Una novela de ficción escrita por el profesor y magistrado de la Sala Superior del Tribunal Electoral mexicano, Felipe de la Mata, da cuenta de ese desgarro en periodo turbulento pero decisivo para la construcción de la democracia mexicana. “Las Heridas” (2024) es un título lo bastante elocuente como para entrever las significaciones del episodio. Un engaño masivo, la sensación de impotencia frente al atropello del Estado; un trauma que penetraba y disolvía la esfera de lo individual y lo colectivo, abriendo boquetes en los cortijos de la memoria-historia. La democracia posible, la poliarquía abierta que atribuye poder al pueblo e impone capacidad de respuesta de los elegidos frente a los electores; la alternancia con base en la premisa del respeto a la voluntad popular lucía entonces como un ideal borrado. La estación trágica e inusitada, sin embargo, no se extendió para siempre. Los costos simbólicos y prácticos de esa jugada no fueron inocuos para el PRI.
¿Cómo se recupera un liderazgo emergente, como renace y se rehabilita una sociedad entera luego de ese impactante trance? Misma pregunta que hoy podemos plantear en el caso venezolano. Con más dudas que certezas, nos atrevemos a responder: al apelar a una firme toma de consciencia, quizás ayude hacer de la crisis estructural una oportunidad bien administrada en el corto, mediano y largo plazo.
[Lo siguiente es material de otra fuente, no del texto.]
Lemma is_RInt_piece i F : (1 <= i <= N)%nat -> is_RInt f (x 0%nat) (x N) F ->
  is_RInt f (x (i - 1)%nat) (x i) (a_coef x N i * alpha i * (F - S) + hstep x i * fh i).
Proof.
intros Hi HF; pose proof span_pos; pose proof (Hx i Hi).
set (a := a_coef x N i); set (u := / a); set (v := - b_coef x N i / a).
assert (Ha : 0 < a) by (apply a_coef_pos; lra).
assert (HL : forall y, L_inv x N i y = u * y + v) by (intros; unfold L_inv, u, v, a, Rdiv; ring).
set (h := fun y => alpha i * f y + q i y).
set (Q := (hstep x i * fh i - alpha i * a * S) / a).
assert (Hh : is_RInt h (u * x (i - 1)%nat + v) (u * x i + v) (alpha i * F + Q)).
{ rewrite <- !HL, L_inv_left, L_inv_right by lra.
  exact (is_RInt_plus _ _ _ _ _ _ (is_RInt_scal _ _ _ (alpha i) _ HF) (Hq_int i Hi)). }
apply (is_RInt_ext (fun y => scal a (scal u (h (u * y + v))))).
- intros y Hy; rewrite Rmin_left, Rmax_right in Hy by lra.
  rewrite <- HL; unfold h, scal; simpl; unfold mult; simpl.
  rewrite (f_self_affine_on_piece i y Hi ltac:(unfold piece; lra)); unfold u; field; lra.
- replace (a * alpha i * (F - S) + hstep x i * fh i) with (scal a (alpha i * F + Q))
    by (unfold scal, Q; simpl; unfold mult; simpl; field; lra).
  exact (is_RInt_scal _ _ _ a _ (is_RInt_comp_lin _ _ _ _ _ _ Hh)).
Qed.

Lemma sum_weights_lt_1 : sum_n_m (fun i => a_coef x N i * alpha i) 1 N < 1.
Proof.
destruct (uniform_bound_lt_1 (fun i => Rabs (alpha i)) N Halpha) as [c [Hc Hci]].
apply Rle_lt_trans with c; [| apply Hc].
apply Rle_trans with (sum_n_m (fun i => a_coef x N i * c) 1 N).
- apply sum_n_m_le_loc; intros i Hi; pose proof span_pos; pose proof (Hx i ltac:(lia)).
  pose proof (a_coef_pos x N i ltac:(lra) ltac:(lra)); pose proof (Hci i ltac:(lia)).
  pose proof (Rle_abs (alpha i)); nra.
- right; rewrite (sum_n_m_mult_r (K := R_Ring) c), sum_a_coef by apply span_pos.
  unfold mult; simpl; ring.
Qed.

Lemma is_RInt_total : is_RInt f (x 0%nat) (x N) S.
Proof.
pose proof span_pos.
assert (Hex : ex_RInt f (x 0%nat) (x N))
  by (apply (ex_RInt_continuous_on_set (x 0%nat) (x N)); try lra; exact f_continuous).
set (F := RInt f (x 0%nat) (x N)).
assert (HF : is_RInt f (x 0%nat) (x N) F) by exact (RInt_correct _ _ _ Hex).
set (sigma := sum_n_m (fun i => a_coef x N i * alpha i) 1 N).
assert (Hchain := is_RInt_chain f x _ N (fun i Hi => is_RInt_piece i F Hi HF)).
assert (Hsum : F = sigma * (F - S) + S).
{ transitivity (RInt f (x 0%nat) (x N)); [reflexivity |]; rewrite (is_RInt_unique _ _ _ _ Hchain).
  rewrite (sum_n_m_ext _ (fun i => plus (mult (a_coef x N i * alpha i) (F - S)) (hstep x i * fh i)))
    by reflexivity.
  rewrite sum_n_m_plus, (sum_n_m_mult_r (K := R_Ring)); reflexivity. }
assert (HFS : F = S).
{ pose proof sum_weights_lt_1 as Hsigma; fold sigma in Hsigma.
  assert (Hz : (F - S) * (1 - sigma) = 0) by lra.
  apply Rmult_integral in Hz; destruct Hz; lra. }
rewrite <- HFS; exact HF.
Qed.

End SelfAffineHistogram.

Theorem mainTheorem9
  (N : nat) (x : nat -> R) (fh : nat -> R) (alpha : nat -> R)
  (q : nat -> R -> R) (f : R -> R) (y0 yN : R) :
  (2 <= N)%nat ->
  (forall i, (1 <= i <= N)%nat -> x (i - 1)%nat < x i) ->
  (forall i, (1 <= i <= N)%nat -> Rabs (alpha i) < 1) ->
  (forall i, (1 <= i <= N)%nat -> lipschitz_on (in_I x N) (q i)) ->
  bounded_on (in_I x N) f ->
  (forall i t, (1 <= i <= N)%nat -> in_Ii x N i t ->
     f t = alpha i * f (L_inv x N i t) + q i (L_inv x N i t)) ->
  (forall i, (1 <= i <= N)%nat ->
     is_RInt (q i) (x 0%nat) (x N)
       ((hstep x i * fh i
         - alpha i * a_coef x N i
             * sum_n_m (fun j => hstep x j * fh j) 1 N) / a_coef x N i)) ->
  q 1%nat (x 0%nat) = y0 * (1 - alpha 1%nat) ->
  q N (x N) = yN * (1 - alpha N) ->
  (forall i, (1 <= i <= N - 1)%nat ->
     alpha (i + 1)%nat * y0 + q (i + 1)%nat (x 0%nat) = alpha i * yN + q i (x N)) ->
  continuous_on_set (in_I x N) f /\
  (forall i, (1 <= i <= N)%nat -> is_RInt f (x (i - 1)%nat) (x i) (hstep x i * fh i)).
Proof.
intros HN Hx Halpha Hq Hbounded Hf Hq_int Hy0 HyN Hy_match; split.
- exact (f_continuous N x alpha q f y0 yN HN Hx Halpha Hq Hbounded Hf Hy0 HyN Hy_match).
- intros i Hi.
  pose proof (is_RInt_total N x fh alpha q f y0 yN HN Hx Halpha Hq Hbounded Hf Hq_int Hy0 HyN Hy_match)
    as Htotal.
  pose proof (is_RInt_piece N x fh alpha q f y0 yN HN Hx Halpha Hf Hq_int Hy0 HyN Hy_match i _ Hi Htotal)
    as Hpiece.
  rewrite Rminus_diag, Rmult_0_r, Rplus_0_l in Hpiece; exact Hpiece.
Qed.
En México, la pérdida del control total del PRI en el Congreso, la amenaza de profundización de su escisión en el Colegio Electoral y la consecuente presión por reformas, así como una oposición actuando en bloque, menoscabaron el poder del partido-Estado y fueron quebrantando las ilimitadas competencias del Ejecutivo, los rasgos del “presidencialismo imperial” y el corporativismo. El último presidente del PRI, Ernesto Zedillo, cerraría ese ciclo. En 2000, finalmente se concretarían los efectos de la tormenta perfecta, con el triunfo irreversible del candidato del PAN, Vicente Fox. Ese juego de actores tenaces en situación límite, esa búsqueda incesante de alternativas tras más de medio siglo de hegemonía priista, esa resistencia a dejarse enredar por narrativas oficiosas y distractivas, convirtieron el trago amargo en un periodo para el aprendizaje. Largo, sí; y tenso, zigzagueante, demandante, singular, incierto, pero no menos productivo. He allí algunos de los signos de esos tránsitos tan complejos como deseables.